(* Let $\mu$ be a strict partition with $\mu_1\ge2$. Then $D(\mu)$ consists precisely of those partitions $\alpha$ with exactly $\mu_1-1$ distinct positive part sizes whose rectangular decomposition $x_1y_1+\cdots+x_{\mu_1-1}y_{\mu_1-1}$ satisfies $x_i=1$ for every $i\in\{1,\ldots,\mu_1-1\}$ such that $\mu$ has no part of size $i$.
   Context: A partition is a weakly decreasing sequence of nonnegative integers with finitely many nonzero parts, identified with its Ferrers board. $\alpha$ contains $\mu$ if one can delete some rows and some columns of the Ferrers board of $\alpha$ so that after top/left-justifying one obtains $\mu$; otherwise $\alpha$ avoids $\mu$. Strict: positive parts distinct. If $\alpha$ has exactly $k$ distinct positive part sizes, its Ferrers board is uniquely the horizontal concatenation of $k$ rectangles with widths $x_1,\ldots,x_k>0$ and strictly decreasing heights $y_1>\cdots>y_k>0$ (i.e. $\alpha$ has exactly $x_i$ columns of length $y_i$), so $|\alpha|=\sum x_iy_i$; this is the rectangular decomposition of $\alpha$. For strict $\mu$, $D_n(\mu)$ is the set of partitions of weight $n>0$ avoiding $\mu$ with exactly $\mu_1-1$ distinct positive part sizes, $D_0(\mu)=\emptyset$, and $D(\mu)=\bigcup_n D_n(\mu)$. *)

From mathcomp Require Import all_boot.
Set Implicit Arguments. Unset Strict Implicit. Unset Printing Implicit Defensive.

Definition is_partition (a : seq nat) : bool :=
  sorted geq a && all (fun x => 0 < x) a.

Definition is_strict (m : seq nat) : bool :=
  sorted (fun x y => y < x) m && all (fun x => 0 < x) m.

Definition weight (a : seq nat) : nat := sumn a.

(* Containment: delete the rows not selected by the row mask [r] and the
   columns not selected by the column mask [c]; after top/left-justifying,
   a kept row of length x has  count id (take x c)  cells; empty rows
   disappear. *)
Definition contains (a mu : seq nat) : Prop :=
  exists (r c : bitseq),
    [seq n <- [seq count id (take x c) | x <- mask r a] | 0 < n] = mu.

Definition avoids (a mu : seq nat) : Prop := ~ contains a mu.

Definition ndistinct (a : seq nat) : nat := size (undup [seq x <- a | 0 < x]).

Definition conj_part (a : seq nat) : seq nat :=
  mkseq (fun j => count (fun x => j < x) a) (head 0 a).

(* rectangular decomposition: heights y_1 > ... > y_k are the distinct column
   lengths, and x_i is the number of columns of length y_i (1-indexed i). *)
Definition rect_y (a : seq nat) (i : nat) : nat := nth 0 (undup (conj_part a)) i.-1.
Definition rect_x (a : seq nat) (i : nat) : nat := count_mem (rect_y a i) (conj_part a).

Definition mu1 (mu : seq nat) : nat := head 0 mu.

Definition in_D (mu a : seq nat) : Prop :=
  [/\ is_partition a, 0 < weight a, avoids a mu & ndistinct a = (mu1 mu).-1].

From mathcomp Require Import all_boot zify.
Set Implicit Arguments. Unset Strict Implicit. Unset Printing Implicit Defensive.

(* Let 0 = s_0 < s_1 < ... < s_k be 0 followed by the distinct part sizes of
   a partition a (its "levels").  Column j of a has length #{parts > j},
   which is constant between consecutive levels and strictly decreasing from
   one such interval to the next; hence the conjugate partition is a sequence
   of k constant blocks and the rectangle widths are x_i = s_i - s_(i-1)
   (lemma [rect_x_levels]).  A column mask c turns a row of length x into a
   row of length [kept c x], a nondecreasing, 1-Lipschitz function of x.
   Assume a has k = mu_1 - 1 distinct parts.
   - If x_i = 1 whenever i is not a part of mu, then a avoids mu
     ([avoids_of_narrow]): for a realization of mu, let i be the first index
     with kept length g(s_i) > i; the jump forces x_i >= 2, so i is a part of
     mu, yet no level has kept length exactly i.
   - If x_i >= 2 for some i that is not a part of mu, then a contains mu
     ([contains_of_wide]): keeping the last column of every rectangle and the
     second-to-last column of the i-th one gives kept lengths g(s_j) =
     j + [i <= j], which take every value of {1, ..., k+1} except i, hence
     every part of mu. *)

Lemma geq_trans : transitive geq.
Proof. by move=> n m p le_nm le_mp; apply: leq_trans le_mp le_nm. Qed.

Lemma gtn_trans : transitive gtn.
Proof. by move=> n m p lt_mn lt_pm; apply: ltn_trans lt_pm lt_mn. Qed.

Lemma find_switch (P : pred nat) k : P 0 -> ~~ P k ->
  exists i, [/\ 0 < i <= k, P i.-1 & ~~ P i].
Proof.
move=> P0; elim: k => [|k IHk] Pk; first by rewrite P0 in Pk.
case Pk' : (P k); first by exists k.+1; rewrite Pk' Pk ltnS leqnn.
have [i [/andP[i_gt0 le_ik] Pi' nPi]] := IHk (negbT Pk').
by exists i; rewrite i_gt0 Pi' nPi (leq_trans le_ik).
Qed.

Lemma count_le_nth_sorted (s : seq nat) j : sorted ltn s -> j < size s ->
  count (fun v => v <= nth 0 s j) s = j.+1.
Proof.
elim: s j => // x s IHs j x_s; have x_min := order_path_min ltn_trans x_s.
case: j => [|j] /= lt_j.
  rewrite leqnn add1n; congr succn; apply/eqP; rewrite -leqn0 leqNgt -has_count.
  by apply/hasPn => v v_s; rewrite -ltnNge (allP x_min v v_s).
have /ltnW -> : x < nth 0 s j by apply: (allP x_min); rewrite mem_nth.
by rewrite IHs // (path_sorted x_s).
Qed.

Lemma count_succ_mem (t : seq nat) n : all (fun v => 0 < v) t -> uniq t ->
  count (fun p => p.+1 \in t) (iota 0 n) = count (fun v => v <= n) t.
Proof.
move=> t_pos t_uniq; elim: n => [|n IHn].
  apply/esym/eqP; rewrite -leqn0 leqNgt -has_count.
  by apply/hasPn => v v_t; rewrite -ltnNge (allP t_pos v v_t).
rewrite -addn1 iotaD count_cat IHn /= add0n addn0 addn1 -(count_uniq_mem n.+1 t_uniq).
rewrite -count_predUI (@eq_count _ (predI _ _) pred0) ?count_pred0 ?addn0.
  by apply: eq_count => v /=; rewrite (leq_eqVlt v n.+1) ltnS orbC.
by move=> v /=; case: eqP => [-> |]; rewrite ?ltnn ?andbF.
Qed.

Exercise:
Each line from the start of the listing above through the line containing "[seq n <- [seq" should be copied exactly, please, with no other lines added.

Answer below:
(* Let $\mu$ be a strict partition with $\mu_1\ge2$. Then $D(\mu)$ consists precisely of those partitions $\alpha$ with exactly $\mu_1-1$ distinct positive part sizes whose rectangular decomposition $x_1y_1+\cdots+x_{\mu_1-1}y_{\mu_1-1}$ satisfies $x_i=1$ for every $i\in\{1,\ldots,\mu_1-1\}$ such that $\mu$ has no part of size $i$.
   Context: A partition is a weakly decreasing sequence of nonnegative integers with finitely many nonzero parts, identified with its Ferrers board. $\alpha$ contains $\mu$ if one can delete some rows and some columns of the Ferrers board of $\alpha$ so that after top/left-justifying one obtains $\mu$; otherwise $\alpha$ avoids $\mu$. Strict: positive parts distinct. If $\alpha$ has exactly $k$ distinct positive part sizes, its Ferrers board is uniquely the horizontal concatenation of $k$ rectangles with widths $x_1,\ldots,x_k>0$ and strictly decreasing heights $y_1>\cdots>y_k>0$ (i.e. $\alpha$ has exactly $x_i$ columns of length $y_i$), so $|\alpha|=\sum x_iy_i$; this is the rectangular decomposition of $\alpha$. For strict $\mu$, $D_n(\mu)$ is the set of partitions of weight $n>0$ avoiding $\mu$ with exactly $\mu_1-1$ distinct positive part sizes, $D_0(\mu)=\emptyset$, and $D(\mu)=\bigcup_n D_n(\mu)$. *)

From mathcomp Require Import all_boot.
Set Implicit Arguments. Unset Strict Implicit. Unset Printing Implicit Defensive.

Definition is_partition (a : seq nat) : bool :=
  sorted geq a && all (fun x => 0 < x) a.

Definition is_strict (m : seq nat) : bool :=
  sorted (fun x y => y < x) m && all (fun x => 0 < x) m.

Definition weight (a : seq nat) : nat := sumn a.

(* Containment: delete the rows not selected by the row mask [r] and the
   columns not selected by the column mask [c]; after top/left-justifying,
   a kept row of length x has  count id (take x c)  cells; empty rows
   disappear. *)
Definition contains (a mu : seq nat) : Prop :=
  exists (r c : bitseq),
    [seq n <- [seq count id (take x c) | x <- mask r a] | 0 < n] = mu.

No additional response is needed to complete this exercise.